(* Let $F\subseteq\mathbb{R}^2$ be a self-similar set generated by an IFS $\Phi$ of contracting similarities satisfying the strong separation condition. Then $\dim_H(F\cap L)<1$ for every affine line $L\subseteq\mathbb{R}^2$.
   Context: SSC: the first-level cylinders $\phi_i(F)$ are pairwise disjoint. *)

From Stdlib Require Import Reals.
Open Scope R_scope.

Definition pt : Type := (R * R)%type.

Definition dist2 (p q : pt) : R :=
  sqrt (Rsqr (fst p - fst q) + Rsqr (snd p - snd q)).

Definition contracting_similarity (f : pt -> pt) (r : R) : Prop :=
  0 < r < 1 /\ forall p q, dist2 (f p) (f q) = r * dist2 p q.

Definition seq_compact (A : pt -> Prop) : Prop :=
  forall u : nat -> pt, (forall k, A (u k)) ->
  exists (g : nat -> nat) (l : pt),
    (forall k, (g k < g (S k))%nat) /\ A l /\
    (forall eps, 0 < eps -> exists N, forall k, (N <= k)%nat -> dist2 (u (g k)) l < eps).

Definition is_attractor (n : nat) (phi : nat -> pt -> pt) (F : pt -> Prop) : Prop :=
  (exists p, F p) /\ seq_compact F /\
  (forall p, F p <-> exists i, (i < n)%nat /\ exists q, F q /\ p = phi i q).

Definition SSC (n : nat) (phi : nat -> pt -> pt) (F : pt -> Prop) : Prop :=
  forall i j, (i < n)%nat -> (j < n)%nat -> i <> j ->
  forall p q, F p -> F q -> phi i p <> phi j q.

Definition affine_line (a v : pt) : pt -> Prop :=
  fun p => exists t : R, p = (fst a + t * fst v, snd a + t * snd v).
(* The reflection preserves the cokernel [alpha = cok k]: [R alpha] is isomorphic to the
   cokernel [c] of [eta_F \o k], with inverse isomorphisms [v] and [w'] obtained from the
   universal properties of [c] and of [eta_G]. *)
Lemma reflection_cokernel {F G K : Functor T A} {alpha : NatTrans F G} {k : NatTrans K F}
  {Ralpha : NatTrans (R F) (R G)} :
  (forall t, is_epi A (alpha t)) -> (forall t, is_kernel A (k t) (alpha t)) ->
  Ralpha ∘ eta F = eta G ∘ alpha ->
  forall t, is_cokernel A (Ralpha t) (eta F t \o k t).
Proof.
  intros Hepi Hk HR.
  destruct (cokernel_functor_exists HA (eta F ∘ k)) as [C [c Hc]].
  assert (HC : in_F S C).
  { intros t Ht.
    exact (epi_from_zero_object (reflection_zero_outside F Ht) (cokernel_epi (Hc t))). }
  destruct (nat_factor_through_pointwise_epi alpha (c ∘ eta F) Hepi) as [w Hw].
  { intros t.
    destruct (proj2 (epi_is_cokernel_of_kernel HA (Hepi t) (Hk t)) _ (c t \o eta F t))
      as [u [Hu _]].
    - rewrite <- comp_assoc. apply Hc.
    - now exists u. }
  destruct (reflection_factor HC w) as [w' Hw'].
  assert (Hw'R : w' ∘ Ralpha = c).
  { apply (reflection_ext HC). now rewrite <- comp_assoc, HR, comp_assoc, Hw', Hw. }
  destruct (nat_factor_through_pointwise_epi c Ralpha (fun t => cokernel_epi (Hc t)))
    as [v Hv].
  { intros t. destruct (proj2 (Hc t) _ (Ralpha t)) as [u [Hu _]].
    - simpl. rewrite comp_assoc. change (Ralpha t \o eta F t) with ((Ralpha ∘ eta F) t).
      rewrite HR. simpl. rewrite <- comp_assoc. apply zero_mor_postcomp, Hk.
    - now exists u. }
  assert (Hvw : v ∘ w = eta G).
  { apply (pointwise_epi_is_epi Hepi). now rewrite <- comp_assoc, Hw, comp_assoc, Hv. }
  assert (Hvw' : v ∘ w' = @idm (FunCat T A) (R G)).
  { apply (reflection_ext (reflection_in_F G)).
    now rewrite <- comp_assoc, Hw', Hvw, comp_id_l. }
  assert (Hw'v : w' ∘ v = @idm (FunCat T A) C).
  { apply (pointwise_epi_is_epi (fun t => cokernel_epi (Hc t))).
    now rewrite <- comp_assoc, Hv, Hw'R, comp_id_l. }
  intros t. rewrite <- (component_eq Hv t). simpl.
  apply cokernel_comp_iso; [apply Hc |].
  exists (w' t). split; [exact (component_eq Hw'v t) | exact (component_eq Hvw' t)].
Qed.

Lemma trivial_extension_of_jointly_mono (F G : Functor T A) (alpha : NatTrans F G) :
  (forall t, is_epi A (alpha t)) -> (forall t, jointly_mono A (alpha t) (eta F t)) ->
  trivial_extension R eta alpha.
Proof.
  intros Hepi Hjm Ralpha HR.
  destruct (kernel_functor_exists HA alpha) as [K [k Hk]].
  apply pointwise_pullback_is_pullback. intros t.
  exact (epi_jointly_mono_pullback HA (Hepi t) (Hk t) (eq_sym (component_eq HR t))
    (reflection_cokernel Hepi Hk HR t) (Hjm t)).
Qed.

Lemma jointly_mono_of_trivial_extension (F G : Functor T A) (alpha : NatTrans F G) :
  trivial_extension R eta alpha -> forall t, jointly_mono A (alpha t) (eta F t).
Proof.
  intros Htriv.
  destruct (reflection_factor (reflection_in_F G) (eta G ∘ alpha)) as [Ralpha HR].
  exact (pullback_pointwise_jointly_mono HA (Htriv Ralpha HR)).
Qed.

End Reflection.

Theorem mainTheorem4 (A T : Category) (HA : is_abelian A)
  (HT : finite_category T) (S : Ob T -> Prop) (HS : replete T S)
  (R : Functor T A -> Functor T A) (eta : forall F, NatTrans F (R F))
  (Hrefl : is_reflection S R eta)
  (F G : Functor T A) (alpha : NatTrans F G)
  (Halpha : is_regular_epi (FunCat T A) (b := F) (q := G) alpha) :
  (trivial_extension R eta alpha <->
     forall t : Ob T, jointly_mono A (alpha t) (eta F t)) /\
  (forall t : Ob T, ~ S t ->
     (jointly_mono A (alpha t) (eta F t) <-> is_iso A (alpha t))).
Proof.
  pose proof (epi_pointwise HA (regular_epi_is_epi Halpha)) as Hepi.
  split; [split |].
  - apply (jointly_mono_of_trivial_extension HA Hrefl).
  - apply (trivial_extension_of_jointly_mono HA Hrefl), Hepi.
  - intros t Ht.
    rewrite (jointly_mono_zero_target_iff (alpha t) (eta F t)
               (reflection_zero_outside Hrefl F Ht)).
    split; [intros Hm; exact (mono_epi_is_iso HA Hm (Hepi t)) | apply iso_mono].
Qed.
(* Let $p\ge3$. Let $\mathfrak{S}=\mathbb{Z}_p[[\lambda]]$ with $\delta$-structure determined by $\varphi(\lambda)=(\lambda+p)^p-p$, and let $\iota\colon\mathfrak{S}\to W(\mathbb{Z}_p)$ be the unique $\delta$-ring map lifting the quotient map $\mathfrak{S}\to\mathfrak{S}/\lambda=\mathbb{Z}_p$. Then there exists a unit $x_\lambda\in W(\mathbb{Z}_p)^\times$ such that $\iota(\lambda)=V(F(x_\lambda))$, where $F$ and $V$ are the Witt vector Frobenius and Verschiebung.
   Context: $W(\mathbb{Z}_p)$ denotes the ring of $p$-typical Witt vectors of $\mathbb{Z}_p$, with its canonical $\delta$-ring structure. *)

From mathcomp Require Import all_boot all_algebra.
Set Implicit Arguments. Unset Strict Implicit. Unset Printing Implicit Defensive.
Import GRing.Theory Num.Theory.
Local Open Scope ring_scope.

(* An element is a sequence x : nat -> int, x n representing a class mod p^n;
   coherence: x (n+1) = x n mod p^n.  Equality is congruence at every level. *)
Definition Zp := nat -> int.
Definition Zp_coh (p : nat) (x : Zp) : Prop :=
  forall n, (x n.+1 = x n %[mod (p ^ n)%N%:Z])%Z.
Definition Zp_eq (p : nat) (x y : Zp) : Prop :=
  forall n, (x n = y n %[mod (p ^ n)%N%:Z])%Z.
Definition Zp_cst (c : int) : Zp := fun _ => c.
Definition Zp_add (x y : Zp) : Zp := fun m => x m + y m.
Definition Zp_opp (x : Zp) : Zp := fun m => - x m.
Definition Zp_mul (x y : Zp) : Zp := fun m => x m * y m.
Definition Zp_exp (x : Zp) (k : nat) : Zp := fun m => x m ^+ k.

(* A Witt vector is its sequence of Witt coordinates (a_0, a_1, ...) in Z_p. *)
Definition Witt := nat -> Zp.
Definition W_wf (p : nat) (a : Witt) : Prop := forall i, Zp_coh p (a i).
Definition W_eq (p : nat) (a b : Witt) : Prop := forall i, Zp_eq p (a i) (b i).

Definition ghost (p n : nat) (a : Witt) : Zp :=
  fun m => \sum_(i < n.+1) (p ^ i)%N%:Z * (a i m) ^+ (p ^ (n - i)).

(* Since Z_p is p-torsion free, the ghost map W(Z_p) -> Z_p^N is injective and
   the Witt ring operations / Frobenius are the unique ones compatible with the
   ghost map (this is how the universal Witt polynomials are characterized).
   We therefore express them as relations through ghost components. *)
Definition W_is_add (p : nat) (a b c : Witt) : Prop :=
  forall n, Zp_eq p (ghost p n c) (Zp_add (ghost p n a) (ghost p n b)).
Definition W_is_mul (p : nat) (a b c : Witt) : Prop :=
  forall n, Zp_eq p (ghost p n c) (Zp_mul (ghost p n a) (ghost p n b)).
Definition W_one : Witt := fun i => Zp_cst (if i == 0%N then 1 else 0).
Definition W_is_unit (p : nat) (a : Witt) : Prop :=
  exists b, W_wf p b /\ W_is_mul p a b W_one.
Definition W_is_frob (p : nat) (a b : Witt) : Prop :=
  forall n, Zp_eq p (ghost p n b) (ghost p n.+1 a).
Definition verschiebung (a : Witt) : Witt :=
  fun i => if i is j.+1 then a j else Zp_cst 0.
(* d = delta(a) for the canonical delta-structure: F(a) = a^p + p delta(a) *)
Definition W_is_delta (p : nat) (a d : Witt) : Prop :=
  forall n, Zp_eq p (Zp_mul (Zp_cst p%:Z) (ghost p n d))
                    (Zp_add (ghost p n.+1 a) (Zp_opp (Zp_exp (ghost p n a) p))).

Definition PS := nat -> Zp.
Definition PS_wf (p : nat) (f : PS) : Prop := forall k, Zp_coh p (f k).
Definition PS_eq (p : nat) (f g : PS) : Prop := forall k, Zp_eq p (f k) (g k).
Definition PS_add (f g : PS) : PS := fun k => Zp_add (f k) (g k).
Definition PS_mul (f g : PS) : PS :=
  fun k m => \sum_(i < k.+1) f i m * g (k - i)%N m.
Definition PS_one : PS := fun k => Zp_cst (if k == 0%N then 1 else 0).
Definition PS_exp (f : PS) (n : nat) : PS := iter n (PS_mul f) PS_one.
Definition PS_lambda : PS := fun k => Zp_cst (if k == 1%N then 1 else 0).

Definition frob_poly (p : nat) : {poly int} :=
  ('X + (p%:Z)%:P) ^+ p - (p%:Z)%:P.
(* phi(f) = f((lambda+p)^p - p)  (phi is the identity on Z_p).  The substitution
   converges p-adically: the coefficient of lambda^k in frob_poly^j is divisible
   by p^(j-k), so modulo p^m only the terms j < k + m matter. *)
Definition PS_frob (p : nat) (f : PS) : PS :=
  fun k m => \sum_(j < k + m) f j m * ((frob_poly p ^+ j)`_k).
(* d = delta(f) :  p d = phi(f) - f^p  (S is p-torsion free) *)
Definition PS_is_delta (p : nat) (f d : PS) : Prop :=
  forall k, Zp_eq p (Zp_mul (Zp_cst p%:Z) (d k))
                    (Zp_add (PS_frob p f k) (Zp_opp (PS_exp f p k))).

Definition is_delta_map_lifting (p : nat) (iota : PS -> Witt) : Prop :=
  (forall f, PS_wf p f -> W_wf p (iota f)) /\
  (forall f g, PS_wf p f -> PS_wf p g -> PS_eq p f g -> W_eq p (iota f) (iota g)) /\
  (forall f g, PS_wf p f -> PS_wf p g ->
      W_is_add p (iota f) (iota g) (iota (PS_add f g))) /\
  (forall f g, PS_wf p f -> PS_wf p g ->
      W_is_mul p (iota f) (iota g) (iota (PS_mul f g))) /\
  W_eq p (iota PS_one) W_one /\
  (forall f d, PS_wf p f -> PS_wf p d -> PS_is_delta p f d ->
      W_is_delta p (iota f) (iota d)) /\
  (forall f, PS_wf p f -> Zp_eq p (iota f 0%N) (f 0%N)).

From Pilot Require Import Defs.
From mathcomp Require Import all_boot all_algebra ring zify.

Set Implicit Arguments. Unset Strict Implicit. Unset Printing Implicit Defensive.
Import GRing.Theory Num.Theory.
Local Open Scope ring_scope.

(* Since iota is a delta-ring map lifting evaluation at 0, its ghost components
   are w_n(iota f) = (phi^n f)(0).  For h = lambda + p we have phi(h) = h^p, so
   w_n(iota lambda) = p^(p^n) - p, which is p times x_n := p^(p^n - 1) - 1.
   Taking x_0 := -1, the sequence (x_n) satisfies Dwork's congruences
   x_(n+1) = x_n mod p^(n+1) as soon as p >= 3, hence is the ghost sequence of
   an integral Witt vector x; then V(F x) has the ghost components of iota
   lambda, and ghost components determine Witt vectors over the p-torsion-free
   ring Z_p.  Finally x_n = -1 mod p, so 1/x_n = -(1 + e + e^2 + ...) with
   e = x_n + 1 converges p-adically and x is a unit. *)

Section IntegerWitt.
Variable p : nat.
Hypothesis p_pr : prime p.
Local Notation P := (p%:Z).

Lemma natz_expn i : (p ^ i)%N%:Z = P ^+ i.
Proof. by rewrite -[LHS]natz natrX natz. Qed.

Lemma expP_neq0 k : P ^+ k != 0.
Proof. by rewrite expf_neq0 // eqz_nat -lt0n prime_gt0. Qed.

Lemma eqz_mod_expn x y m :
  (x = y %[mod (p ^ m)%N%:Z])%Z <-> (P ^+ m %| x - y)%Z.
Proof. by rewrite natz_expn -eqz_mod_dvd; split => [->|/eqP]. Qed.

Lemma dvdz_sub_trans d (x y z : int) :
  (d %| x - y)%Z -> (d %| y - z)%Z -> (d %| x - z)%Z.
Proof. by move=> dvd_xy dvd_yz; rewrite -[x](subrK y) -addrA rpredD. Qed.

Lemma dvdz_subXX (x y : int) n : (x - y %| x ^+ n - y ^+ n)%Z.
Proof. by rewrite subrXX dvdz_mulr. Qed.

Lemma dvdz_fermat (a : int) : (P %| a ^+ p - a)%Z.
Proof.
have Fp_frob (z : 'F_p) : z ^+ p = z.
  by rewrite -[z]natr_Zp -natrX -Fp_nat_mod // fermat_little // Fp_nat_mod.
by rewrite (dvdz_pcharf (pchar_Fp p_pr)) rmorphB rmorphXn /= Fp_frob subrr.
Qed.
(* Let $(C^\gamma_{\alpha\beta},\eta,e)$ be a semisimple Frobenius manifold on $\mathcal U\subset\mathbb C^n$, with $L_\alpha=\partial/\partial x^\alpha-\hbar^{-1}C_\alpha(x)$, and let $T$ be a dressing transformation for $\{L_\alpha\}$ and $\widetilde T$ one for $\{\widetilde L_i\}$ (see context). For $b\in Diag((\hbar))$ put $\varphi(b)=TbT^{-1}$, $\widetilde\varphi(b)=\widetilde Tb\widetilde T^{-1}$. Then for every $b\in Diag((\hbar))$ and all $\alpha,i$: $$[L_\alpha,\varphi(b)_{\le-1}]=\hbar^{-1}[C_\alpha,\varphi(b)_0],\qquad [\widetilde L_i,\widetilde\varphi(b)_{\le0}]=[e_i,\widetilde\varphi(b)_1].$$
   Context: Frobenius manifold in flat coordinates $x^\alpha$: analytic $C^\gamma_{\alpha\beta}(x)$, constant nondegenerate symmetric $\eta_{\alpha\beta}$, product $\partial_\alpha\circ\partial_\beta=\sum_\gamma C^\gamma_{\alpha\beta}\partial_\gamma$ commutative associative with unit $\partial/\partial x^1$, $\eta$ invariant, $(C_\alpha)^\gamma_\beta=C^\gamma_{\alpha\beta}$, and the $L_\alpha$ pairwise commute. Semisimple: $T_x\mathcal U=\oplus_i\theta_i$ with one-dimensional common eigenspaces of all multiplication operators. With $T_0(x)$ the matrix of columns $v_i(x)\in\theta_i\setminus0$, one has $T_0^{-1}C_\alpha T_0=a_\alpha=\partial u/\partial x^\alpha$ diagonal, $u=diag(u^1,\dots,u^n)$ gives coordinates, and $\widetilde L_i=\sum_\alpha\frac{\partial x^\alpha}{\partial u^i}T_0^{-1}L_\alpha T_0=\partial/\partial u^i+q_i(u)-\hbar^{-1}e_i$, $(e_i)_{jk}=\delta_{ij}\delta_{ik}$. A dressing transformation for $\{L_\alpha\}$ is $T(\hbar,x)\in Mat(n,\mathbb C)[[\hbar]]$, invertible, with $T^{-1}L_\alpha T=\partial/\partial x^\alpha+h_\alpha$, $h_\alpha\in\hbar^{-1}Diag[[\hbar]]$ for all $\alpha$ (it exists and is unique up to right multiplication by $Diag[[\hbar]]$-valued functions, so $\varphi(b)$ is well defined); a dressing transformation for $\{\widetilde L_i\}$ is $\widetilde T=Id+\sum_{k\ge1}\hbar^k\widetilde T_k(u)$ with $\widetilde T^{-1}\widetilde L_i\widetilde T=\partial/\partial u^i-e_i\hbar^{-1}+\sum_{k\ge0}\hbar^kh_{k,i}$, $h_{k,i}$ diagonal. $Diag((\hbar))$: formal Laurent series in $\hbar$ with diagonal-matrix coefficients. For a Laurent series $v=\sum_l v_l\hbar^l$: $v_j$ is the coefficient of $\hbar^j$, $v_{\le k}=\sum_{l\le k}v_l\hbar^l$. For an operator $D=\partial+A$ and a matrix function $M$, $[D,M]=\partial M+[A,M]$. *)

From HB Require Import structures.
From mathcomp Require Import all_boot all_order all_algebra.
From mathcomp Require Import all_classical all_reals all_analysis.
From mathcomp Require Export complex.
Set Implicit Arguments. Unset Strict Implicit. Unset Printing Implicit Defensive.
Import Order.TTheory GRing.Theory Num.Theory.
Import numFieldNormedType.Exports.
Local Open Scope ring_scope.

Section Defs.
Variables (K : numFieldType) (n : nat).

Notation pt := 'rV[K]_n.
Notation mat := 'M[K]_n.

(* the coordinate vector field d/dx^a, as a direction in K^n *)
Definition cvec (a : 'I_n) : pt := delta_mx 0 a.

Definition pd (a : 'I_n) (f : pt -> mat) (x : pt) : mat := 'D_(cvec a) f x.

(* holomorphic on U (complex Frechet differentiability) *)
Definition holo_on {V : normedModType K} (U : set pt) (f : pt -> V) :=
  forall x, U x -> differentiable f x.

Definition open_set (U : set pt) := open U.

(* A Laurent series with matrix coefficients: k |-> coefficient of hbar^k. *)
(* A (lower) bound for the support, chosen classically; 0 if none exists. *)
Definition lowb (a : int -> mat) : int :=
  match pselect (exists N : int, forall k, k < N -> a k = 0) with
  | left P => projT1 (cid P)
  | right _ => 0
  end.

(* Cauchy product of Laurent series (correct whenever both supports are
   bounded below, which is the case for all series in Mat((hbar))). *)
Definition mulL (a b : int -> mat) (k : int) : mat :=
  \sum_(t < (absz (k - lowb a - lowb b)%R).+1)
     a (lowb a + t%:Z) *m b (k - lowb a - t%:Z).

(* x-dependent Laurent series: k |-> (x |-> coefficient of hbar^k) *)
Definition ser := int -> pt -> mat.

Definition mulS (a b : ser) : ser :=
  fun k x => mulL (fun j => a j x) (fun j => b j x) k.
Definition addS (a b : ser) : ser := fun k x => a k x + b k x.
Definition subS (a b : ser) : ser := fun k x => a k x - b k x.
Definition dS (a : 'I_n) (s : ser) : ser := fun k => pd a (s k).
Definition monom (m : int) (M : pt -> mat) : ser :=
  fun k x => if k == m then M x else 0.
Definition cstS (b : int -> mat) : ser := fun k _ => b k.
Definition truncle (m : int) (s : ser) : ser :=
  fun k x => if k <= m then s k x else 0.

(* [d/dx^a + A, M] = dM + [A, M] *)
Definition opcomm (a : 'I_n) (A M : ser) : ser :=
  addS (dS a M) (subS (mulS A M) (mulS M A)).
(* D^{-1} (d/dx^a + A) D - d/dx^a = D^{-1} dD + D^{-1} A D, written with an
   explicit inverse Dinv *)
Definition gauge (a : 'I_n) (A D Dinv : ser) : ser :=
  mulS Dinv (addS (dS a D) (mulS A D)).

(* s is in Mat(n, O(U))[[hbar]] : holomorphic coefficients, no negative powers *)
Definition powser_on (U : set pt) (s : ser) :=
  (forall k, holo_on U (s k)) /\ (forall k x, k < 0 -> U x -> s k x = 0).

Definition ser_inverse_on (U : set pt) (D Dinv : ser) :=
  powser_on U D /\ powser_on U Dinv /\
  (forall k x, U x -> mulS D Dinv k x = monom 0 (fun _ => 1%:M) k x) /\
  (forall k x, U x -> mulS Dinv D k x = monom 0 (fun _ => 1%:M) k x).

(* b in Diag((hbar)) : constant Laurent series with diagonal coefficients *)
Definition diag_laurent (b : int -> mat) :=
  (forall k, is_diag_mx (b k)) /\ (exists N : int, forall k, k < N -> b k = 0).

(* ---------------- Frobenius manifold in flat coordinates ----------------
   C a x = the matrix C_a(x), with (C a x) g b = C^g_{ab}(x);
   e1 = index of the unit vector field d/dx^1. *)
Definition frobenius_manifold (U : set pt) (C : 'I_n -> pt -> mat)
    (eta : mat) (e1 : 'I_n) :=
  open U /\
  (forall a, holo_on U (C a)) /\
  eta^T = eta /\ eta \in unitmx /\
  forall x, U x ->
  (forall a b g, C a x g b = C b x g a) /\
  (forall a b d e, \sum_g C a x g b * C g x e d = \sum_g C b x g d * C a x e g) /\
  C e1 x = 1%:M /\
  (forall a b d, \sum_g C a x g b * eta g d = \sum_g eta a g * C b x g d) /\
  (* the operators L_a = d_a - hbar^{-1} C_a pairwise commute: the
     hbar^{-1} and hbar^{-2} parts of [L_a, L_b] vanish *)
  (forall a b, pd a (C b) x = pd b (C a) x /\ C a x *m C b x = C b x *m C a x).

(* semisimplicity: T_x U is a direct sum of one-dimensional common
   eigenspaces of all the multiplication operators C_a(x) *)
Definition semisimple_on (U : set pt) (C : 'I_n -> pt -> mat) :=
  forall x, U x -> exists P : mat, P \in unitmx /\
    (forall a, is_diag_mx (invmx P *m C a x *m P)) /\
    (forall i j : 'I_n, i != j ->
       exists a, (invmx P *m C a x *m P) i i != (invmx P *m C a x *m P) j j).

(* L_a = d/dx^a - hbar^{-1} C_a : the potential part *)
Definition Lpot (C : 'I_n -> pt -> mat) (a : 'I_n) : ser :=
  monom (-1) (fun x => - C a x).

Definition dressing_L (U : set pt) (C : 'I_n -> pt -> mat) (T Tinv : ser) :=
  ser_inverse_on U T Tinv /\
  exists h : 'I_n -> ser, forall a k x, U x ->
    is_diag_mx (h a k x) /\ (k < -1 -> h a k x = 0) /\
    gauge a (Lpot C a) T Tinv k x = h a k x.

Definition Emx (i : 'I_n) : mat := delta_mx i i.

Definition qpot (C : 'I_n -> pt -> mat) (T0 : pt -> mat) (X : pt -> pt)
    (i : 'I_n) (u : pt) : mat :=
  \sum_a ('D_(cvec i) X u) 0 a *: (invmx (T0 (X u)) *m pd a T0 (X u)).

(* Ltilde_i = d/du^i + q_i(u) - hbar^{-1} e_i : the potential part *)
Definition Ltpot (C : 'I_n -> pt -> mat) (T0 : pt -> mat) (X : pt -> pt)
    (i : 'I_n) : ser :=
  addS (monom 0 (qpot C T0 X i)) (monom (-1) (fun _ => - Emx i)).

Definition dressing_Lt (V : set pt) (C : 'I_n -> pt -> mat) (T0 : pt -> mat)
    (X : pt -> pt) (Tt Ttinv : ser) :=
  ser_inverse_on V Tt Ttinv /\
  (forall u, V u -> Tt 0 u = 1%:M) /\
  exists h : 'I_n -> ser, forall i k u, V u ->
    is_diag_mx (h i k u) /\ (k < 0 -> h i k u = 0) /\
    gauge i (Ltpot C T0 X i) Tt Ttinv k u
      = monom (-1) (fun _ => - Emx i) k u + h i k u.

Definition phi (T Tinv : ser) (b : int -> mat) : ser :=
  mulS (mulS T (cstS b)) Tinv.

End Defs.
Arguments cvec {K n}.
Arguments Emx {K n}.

-------------------------

(Exercise description)
The line that contains "is_diag_mx (h i", the final line of the listing, and every line between them are to be retyped exactly; nothing else.

(Exercise output)
    is_diag_mx (h i k u) /\ (k < 0 -> h i k u = 0) /\
    gauge i (Ltpot C T0 X i) Tt Ttinv k u
      = monom (-1) (fun _ => - Emx i) k u + h i k u.

Definition phi (T Tinv : ser) (b : int -> mat) : ser :=
  mulS (mulS T (cstS b)) Tinv.

End Defs.
Arguments cvec {K n}.
Arguments Emx {K n}.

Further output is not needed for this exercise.